---------- Forwarded message ----------
From: Jason Power <[email protected]>
Date: 11 March 2010 14:28
Subject: Re: [OpenBabel-scripting] (no subject)
To: Noel O'Boyle <[email protected]>
Here is something that causes a segfault every time:
import openbabel
ring3 = openbabel.OBMol()
ra1=ring3.NewAtom()
ra2=ring3.NewAtom()
ra3=ring3.NewAtom()
ra1.SetAtomicNum(6)
ra2.SetAtomicNum(6)
ra3.SetAtomicNum(6)
rb1=ring3.NewBond()
rb2=ring3.NewBond()
rb3=ring3.NewBond()
rb1.SetBegin(ra1)
rb1.SetEnd(ra2)
rb2.SetBegin(ra2)
rb2.SetEnd(ra3)
rb3.SetBegin(ra3)
rb3.SetEnd(ra1)
rb1.SetBO(1)
rb2.SetBO(1)
rb3.SetBO(1)
print len(ring3.GetSSSR()) # OUTPUT: 0
builder = openbabel.OBOp.FindType("Gen3D")
builder.Do(ring3)
print len(ring3.GetSSSR()) # OUTPUT: 1
ra1.SetVector(1,0,0)
ra2.SetVector(0,-1,0)
ra3.SetVector(0,1,0)
Sometimes is segfaults on ra2.SetVector(0,-1,0) and sometimes on
ra3.SetVector(0,1,0).
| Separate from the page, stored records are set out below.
(* The weights [2^-(n+1)] have total mass 1 and mass [2^-J] beyond [J]. *)
Lemma Series_weighted_le (a : nat -> R) (J : nat) (e : R) :
  0 <= e -> (forall n, 0 <= a n <= 1) -> (forall n, (n < J)%nat -> a n <= e) ->
  Series (fun n => (/2) ^ S n * a n) <= e + (/2) ^ J.
Proof.
  intros He Ha HJ.
  replace (e + (/2) ^ J) with (Series (fun n => e * (/2) ^ S n + half_pow_tail J n)).
  2:{ rewrite Series_plus, Series_scal_l, Series_half_pow_tail by
        (auto using ex_series_half_pow_tail, ex_series_half_pow_scal).
      rewrite (is_series_unique _ _ is_series_half_pow); ring. }
  apply Series_le.
  2:{ exact (ex_series_plus _ _ (ex_series_half_pow_scal e) (ex_series_half_pow_tail J)). }
  intros n; pose proof (half_pow_pos (S n)); specialize (Ha n).
  split; [apply Rmult_le_pos; lra|].
  unfold half_pow_tail; destruct (Nat.ltb_spec n J) as [Hn|Hn].
  - specialize (HJ n Hn); nra.
  - assert (0 <= e * (/2) ^ S n) by (apply Rmult_le_pos; lra); nra.
Qed.

Definition cont01_at {X : Type} (d : X -> X -> R) (F : R -> X) (t : R) : Prop :=
  forall eps, 0 < eps -> exists delta, 0 < delta /\
    forall s, 0 <= s <= 1 -> Rabs (s - t) < delta -> d (F s) (F t) < eps.

Definition Cdist (a b : C) : R := Cmod (Cminus a b).

Lemma cont01_at_finite {X : Type} (d : X -> X -> R) (F : nat -> R -> X) (t : R) (J : nat) :
  (forall j, (j < J)%nat -> cont01_at d (F j) t) ->
  forall eps, 0 < eps -> exists delta, 0 < delta /\ forall j, (j < J)%nat ->
    forall s, 0 <= s <= 1 -> Rabs (s - t) < delta -> d (F j s) (F j t) < eps.
Proof.
  intros HF eps Heps; induction J as [|J IH].
  - exists 1; split; [lra|]; intros; lia.
  - destruct IH as [d1 [Hd1 H1]]; [intros j Hj; apply HF; lia|].
    destruct (HF J (Nat.lt_succ_diag_r J) eps Heps) as [d2 [Hd2 H2]].
    exists (Rmin d1 d2); split; [apply Rmin_pos; auto|].
    intros j Hj s Hs Hst; pose proof (Rmin_l d1 d2); pose proof (Rmin_r d1 d2).
    destruct (Nat.eq_dec j J) as [->|Hne].
    + apply H2; auto; lra.
    + apply H1; auto; [lia|lra].
Qed.

Lemma cont01_at_plus (F G : R -> R) (t : R) :
  cont01_at Rdist F t -> cont01_at Rdist G t -> cont01_at Rdist (fun s => F s + G s) t.
Proof.
  intros HF HG eps Heps.
  destruct (HF (eps / 2)) as [d1 [Hd1 H1]]; [lra|].
  destruct (HG (eps / 2)) as [d2 [Hd2 H2]]; [lra|].
  exists (Rmin d1 d2); split; [apply Rmin_pos; auto|].
  intros s Hs Hst; pose proof (Rmin_l d1 d2); pose proof (Rmin_r d1 d2).
  specialize (H1 s Hs ltac:(lra)); specialize (H2 s Hs ltac:(lra)); unfold Rdist in *.
  apply Rabs_def2 in H1; apply Rabs_def2 in H2; apply Rabs_def1; lra.
Qed.

Lemma cont01_at_sum (a : R -> nat -> R) (N : nat) (t : R) :
  (forall k, (k <= N)%nat -> cont01_at Rdist (fun s => a s k) t) ->
  cont01_at Rdist (fun s => sum_f_R0 (a s) N) t.
Proof.
  induction N as [|N IH]; intros Ha; simpl.
  - apply Ha; lia.
  - apply cont01_at_plus; [apply IH; intros k Hk|]; apply Ha; lia.
Qed.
Also, I don't understand why the first call the
GetSSSR() doesn't return the right number.
Thanks again!
Jason
On Thursday 11 March 2010 04:48:45 am you wrote:
> Where do beginAtom and endAtom come from in your code snippet.
>
> The best thing would be if you can you create a simple and short
> self-contained script that exhibits the problem.
>
> - Noel
>
> On 11 March 2010 03:59, Jason Power <[email protected]> wrote:
> > Hi all,
> >
> > I am currently developing a pure-python 2-D molecule editor for use
> > within another project I am currently working on. To begin with I decided
> > to use the OBMol object as a model, thinking it would save me time and
> > effort. However, I have run into a variety of issues that I'm not sure
> > are due to my own misunderstandings, limitations of the python bindings,
> > or bugs.
> >
> > I am building the OBMol object slowly over time as the user adds atoms
> > and bonds. So I have a numerous places where I basically call
> >
> > self.mol.BeginModify()
> > bond = self.mol.NewBond()
> > bond.SetBegin(beginAtom)
> > bond.SetEnd(endAtom)
> > self.mol.EndModify()
> >
> > and
> >
> > self.mol.BeginModify()
> > newAtom = self.mol.NewAtom()
> > newAtom.SetVector(self.translateToAtomCoords(pos))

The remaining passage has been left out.